__ACTION ITEM__. Look through the data below for the line with "Set Implicit Arguments." and the line with "Definition hnorm (V", then output those two and all lines in between, exactly as written.

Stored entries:
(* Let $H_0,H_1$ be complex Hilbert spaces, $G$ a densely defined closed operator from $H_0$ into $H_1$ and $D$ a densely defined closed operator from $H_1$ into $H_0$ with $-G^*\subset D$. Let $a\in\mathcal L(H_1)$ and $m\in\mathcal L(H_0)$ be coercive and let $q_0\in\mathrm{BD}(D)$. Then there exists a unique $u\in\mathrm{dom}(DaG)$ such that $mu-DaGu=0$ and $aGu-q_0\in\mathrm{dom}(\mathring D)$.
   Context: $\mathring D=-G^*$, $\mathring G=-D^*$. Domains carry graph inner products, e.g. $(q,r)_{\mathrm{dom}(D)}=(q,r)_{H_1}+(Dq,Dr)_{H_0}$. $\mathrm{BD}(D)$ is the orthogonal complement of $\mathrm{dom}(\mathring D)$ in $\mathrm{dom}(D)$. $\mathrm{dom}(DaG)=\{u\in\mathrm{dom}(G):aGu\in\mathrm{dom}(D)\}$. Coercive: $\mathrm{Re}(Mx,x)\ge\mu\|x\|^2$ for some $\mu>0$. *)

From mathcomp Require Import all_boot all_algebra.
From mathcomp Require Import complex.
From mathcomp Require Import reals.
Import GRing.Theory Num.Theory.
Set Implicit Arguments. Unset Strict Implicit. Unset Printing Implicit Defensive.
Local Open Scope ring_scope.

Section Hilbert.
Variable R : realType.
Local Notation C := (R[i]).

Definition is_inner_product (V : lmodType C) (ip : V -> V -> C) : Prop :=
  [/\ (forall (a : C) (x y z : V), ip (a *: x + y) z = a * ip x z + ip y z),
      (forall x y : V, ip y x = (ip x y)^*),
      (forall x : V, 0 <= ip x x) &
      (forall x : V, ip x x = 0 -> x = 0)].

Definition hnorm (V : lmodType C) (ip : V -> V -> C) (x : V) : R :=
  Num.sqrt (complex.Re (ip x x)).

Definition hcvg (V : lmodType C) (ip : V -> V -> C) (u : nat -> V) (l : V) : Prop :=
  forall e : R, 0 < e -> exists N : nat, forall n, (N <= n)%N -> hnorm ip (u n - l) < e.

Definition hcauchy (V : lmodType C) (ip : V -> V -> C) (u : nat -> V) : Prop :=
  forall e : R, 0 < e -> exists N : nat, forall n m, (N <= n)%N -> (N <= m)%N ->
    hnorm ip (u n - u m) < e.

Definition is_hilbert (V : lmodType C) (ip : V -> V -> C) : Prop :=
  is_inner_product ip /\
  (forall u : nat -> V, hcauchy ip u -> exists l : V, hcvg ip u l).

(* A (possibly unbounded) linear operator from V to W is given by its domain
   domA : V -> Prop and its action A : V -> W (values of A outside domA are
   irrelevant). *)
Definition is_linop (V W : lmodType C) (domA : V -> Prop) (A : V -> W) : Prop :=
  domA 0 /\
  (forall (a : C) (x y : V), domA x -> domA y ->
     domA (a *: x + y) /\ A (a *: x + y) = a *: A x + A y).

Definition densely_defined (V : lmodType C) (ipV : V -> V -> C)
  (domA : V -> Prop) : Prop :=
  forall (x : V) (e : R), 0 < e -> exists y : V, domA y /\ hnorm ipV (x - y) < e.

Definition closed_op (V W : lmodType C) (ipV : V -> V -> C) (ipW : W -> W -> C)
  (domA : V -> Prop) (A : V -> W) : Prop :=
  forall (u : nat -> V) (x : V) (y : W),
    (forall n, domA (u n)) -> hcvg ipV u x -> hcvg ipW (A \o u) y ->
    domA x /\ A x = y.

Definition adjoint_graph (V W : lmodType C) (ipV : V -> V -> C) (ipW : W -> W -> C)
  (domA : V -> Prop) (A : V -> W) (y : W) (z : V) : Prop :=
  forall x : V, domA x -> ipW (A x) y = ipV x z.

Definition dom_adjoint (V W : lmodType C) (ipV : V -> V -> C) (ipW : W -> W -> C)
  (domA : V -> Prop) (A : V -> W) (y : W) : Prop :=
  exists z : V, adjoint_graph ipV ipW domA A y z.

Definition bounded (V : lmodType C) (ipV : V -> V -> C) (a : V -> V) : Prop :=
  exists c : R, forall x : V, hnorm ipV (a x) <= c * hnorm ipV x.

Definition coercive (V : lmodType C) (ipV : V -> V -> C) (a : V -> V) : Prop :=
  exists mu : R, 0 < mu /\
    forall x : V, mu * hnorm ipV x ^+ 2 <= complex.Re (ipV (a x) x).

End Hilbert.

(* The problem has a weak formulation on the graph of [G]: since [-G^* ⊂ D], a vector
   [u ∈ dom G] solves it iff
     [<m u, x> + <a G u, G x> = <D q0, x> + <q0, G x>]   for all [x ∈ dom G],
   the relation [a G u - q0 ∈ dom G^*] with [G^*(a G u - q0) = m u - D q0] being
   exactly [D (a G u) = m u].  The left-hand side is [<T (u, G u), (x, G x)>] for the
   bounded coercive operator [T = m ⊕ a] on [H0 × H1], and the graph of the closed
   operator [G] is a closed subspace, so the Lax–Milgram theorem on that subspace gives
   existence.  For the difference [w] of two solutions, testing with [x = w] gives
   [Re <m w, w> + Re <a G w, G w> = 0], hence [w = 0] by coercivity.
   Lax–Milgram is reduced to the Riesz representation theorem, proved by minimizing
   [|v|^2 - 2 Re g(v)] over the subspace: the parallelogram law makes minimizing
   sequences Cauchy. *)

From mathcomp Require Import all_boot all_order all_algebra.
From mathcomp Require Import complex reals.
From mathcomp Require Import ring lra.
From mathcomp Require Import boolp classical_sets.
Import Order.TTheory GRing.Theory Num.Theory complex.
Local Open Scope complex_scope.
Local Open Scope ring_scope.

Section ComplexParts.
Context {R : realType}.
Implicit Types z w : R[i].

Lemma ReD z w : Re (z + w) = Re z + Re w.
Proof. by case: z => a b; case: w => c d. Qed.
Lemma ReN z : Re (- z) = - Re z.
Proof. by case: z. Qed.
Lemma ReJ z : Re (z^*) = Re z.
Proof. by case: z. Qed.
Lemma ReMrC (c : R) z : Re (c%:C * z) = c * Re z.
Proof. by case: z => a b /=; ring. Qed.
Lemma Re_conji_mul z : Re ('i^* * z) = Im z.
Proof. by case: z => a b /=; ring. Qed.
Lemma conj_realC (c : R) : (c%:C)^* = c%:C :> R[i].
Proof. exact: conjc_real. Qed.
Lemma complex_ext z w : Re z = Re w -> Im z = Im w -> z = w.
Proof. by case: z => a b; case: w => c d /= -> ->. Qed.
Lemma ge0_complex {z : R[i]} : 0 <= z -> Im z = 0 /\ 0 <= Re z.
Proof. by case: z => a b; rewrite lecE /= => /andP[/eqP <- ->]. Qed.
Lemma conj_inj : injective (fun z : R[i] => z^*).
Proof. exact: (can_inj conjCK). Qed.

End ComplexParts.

--

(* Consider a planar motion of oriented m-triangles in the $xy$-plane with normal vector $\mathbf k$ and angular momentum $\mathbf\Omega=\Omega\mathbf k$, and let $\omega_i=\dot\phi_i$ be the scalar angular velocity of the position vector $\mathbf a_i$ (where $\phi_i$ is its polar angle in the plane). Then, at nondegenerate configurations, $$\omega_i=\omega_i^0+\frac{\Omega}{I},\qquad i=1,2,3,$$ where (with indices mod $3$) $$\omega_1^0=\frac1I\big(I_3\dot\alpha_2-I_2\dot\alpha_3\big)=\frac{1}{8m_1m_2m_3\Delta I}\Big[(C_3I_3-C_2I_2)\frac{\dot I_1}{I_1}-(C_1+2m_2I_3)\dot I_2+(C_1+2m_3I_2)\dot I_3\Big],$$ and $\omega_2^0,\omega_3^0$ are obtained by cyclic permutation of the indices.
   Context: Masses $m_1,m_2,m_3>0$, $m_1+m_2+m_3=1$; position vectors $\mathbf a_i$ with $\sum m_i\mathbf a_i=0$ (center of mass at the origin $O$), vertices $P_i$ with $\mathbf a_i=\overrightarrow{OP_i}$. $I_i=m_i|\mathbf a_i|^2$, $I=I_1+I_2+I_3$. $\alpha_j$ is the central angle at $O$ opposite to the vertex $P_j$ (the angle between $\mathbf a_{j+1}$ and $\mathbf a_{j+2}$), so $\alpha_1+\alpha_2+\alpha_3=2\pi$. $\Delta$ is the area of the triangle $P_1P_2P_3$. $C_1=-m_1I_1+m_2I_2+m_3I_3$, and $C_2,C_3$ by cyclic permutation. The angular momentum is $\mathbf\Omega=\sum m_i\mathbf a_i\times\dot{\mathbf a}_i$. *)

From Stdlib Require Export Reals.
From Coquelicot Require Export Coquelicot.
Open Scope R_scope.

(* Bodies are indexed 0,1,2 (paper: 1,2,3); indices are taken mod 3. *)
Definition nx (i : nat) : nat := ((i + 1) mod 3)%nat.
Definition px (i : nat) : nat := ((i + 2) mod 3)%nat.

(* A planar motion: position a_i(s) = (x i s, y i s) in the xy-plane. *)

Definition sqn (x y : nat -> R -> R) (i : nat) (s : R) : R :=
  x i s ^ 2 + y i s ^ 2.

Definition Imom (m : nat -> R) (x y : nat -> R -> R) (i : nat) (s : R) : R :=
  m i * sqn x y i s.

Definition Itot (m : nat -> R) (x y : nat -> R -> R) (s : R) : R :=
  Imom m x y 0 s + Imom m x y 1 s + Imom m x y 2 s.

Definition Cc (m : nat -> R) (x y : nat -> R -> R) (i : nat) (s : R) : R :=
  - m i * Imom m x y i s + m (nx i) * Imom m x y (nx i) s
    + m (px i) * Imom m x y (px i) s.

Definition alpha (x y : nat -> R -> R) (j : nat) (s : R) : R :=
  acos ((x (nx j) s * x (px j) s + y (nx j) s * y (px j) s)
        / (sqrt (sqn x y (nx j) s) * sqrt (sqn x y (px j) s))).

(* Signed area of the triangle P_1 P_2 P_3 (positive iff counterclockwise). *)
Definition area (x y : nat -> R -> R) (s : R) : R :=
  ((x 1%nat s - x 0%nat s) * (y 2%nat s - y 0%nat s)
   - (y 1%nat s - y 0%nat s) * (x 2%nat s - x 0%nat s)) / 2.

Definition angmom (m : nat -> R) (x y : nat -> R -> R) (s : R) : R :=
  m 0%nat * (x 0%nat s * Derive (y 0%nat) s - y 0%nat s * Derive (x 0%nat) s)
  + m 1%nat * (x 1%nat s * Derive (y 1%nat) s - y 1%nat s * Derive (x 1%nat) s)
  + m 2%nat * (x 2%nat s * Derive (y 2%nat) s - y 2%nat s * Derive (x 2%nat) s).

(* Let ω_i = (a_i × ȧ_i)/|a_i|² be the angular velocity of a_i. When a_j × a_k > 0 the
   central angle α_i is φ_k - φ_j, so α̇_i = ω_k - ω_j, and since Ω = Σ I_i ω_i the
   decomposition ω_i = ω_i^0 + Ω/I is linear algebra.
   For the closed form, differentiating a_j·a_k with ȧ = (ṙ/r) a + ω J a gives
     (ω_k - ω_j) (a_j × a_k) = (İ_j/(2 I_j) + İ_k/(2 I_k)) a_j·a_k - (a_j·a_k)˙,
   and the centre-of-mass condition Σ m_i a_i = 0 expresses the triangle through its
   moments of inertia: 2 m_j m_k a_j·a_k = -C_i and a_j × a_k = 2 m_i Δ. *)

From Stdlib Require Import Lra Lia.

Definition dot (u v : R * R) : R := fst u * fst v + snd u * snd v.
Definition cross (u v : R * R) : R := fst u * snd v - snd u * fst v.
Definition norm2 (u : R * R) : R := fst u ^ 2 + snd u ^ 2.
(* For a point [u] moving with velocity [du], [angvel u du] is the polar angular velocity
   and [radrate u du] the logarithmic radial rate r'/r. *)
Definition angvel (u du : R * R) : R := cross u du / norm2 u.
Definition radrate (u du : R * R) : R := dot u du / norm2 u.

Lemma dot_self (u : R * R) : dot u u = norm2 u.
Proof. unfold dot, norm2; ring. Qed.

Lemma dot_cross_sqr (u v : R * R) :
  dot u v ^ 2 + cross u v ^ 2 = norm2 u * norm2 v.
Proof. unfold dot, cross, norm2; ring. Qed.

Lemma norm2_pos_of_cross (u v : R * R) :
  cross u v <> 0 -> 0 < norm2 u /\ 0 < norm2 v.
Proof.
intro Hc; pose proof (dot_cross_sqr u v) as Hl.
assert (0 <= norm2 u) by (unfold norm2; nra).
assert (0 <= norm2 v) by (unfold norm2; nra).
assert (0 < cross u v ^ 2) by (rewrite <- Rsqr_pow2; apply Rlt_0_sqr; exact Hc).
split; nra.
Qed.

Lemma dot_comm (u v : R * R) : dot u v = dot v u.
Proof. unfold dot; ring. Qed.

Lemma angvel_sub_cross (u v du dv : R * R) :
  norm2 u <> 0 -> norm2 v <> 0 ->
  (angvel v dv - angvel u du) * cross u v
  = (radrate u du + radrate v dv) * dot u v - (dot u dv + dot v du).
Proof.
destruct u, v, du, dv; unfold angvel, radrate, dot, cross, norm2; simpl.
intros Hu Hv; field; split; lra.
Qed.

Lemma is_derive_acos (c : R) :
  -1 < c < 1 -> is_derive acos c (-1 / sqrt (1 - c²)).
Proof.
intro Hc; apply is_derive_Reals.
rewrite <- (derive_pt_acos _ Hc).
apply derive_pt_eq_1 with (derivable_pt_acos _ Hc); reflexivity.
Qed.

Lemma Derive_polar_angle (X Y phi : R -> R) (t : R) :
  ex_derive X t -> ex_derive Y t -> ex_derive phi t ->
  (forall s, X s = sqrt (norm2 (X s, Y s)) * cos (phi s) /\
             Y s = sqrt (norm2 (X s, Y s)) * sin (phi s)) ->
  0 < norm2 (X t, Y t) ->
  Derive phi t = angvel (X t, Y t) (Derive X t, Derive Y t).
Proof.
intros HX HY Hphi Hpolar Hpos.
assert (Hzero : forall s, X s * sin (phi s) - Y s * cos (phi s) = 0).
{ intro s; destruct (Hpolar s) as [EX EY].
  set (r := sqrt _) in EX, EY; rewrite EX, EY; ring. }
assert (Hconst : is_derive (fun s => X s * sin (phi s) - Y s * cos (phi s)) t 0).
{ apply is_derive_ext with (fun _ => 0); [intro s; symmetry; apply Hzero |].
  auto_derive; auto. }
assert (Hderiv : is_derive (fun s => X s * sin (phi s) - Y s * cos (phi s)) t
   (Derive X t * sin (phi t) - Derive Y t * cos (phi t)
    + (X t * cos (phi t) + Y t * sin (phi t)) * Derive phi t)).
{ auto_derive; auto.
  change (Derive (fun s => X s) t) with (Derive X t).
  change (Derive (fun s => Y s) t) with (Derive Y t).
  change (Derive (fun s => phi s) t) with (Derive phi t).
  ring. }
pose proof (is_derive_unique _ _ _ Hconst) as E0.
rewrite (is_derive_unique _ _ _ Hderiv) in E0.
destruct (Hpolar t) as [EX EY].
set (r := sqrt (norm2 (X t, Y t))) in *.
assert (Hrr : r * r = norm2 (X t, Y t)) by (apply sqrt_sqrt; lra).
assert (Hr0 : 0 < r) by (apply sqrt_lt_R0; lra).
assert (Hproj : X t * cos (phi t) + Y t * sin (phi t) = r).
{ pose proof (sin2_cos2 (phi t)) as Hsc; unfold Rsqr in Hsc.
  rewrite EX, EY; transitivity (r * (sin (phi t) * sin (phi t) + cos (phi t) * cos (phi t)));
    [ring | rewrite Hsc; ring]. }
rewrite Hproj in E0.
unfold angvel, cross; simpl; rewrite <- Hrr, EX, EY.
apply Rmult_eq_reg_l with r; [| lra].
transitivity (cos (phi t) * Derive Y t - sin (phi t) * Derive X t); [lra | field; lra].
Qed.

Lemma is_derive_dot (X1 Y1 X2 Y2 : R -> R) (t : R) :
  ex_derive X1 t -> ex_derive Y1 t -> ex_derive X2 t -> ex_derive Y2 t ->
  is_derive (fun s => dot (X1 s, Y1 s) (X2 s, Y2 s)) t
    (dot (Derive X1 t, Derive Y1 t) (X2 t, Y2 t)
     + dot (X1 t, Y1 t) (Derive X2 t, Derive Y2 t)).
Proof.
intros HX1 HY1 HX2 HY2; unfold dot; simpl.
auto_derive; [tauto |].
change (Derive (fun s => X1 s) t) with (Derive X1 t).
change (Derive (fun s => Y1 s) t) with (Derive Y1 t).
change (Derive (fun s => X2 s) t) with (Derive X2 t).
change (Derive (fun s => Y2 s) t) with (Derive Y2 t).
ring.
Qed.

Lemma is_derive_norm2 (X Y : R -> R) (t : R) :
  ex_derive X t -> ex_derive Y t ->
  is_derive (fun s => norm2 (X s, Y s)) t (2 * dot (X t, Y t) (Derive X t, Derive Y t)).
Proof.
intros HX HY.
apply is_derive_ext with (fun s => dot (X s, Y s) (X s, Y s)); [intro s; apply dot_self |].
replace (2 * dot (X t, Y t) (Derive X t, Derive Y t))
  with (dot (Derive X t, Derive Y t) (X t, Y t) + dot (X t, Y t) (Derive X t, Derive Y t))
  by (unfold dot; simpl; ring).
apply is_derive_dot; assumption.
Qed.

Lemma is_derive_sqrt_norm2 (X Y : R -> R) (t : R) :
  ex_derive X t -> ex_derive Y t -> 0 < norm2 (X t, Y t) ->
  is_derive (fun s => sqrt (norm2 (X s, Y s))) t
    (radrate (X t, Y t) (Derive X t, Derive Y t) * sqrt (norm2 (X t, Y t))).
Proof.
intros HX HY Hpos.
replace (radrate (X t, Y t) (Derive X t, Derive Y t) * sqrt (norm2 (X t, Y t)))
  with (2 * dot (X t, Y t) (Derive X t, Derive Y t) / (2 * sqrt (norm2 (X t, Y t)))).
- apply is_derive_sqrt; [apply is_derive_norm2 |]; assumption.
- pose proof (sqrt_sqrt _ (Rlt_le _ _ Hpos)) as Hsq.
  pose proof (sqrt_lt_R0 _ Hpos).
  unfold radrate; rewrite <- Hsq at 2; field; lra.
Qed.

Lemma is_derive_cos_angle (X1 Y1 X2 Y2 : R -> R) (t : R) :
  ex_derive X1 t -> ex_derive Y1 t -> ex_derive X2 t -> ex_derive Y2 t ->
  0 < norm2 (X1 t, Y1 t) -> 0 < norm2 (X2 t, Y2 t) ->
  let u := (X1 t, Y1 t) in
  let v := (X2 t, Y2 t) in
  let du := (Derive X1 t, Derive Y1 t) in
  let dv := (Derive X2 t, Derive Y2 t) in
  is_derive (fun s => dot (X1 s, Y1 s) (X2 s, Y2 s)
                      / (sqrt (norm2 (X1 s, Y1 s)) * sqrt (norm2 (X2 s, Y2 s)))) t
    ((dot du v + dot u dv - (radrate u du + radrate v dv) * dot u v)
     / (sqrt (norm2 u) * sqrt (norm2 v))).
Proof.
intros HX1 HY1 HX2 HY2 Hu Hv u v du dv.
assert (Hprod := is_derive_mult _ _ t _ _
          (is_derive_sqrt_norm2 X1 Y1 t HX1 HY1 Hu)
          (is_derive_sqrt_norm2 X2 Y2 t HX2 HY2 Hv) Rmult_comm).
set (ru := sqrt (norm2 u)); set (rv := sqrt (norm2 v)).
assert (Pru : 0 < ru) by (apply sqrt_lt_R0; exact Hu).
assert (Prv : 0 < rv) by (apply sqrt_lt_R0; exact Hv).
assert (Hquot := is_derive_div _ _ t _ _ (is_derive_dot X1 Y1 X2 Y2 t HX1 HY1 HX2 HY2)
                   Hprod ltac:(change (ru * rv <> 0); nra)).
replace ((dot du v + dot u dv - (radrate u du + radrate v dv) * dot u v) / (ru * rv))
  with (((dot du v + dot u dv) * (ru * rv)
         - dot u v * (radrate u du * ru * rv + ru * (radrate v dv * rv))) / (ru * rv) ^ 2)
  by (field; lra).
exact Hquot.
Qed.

__SOLUTION TO THIS TASK__.
Set Implicit Arguments. Unset Strict Implicit. Unset Printing Implicit Defensive.
Local Open Scope ring_scope.

Section Hilbert.
Variable R : realType.
Local Notation C := (R[i]).

Definition is_inner_product (V : lmodType C) (ip : V -> V -> C) : Prop :=
  [/\ (forall (a : C) (x y z : V), ip (a *: x + y) z = a * ip x z + ip y z),
      (forall x y : V, ip y x = (ip x y)^*),
      (forall x : V, 0 <= ip x x) &
      (forall x : V, ip x x = 0 -> x = 0)].

Definition hnorm (V : lmodType C) (ip : V -> V -> C) (x : V) : R :=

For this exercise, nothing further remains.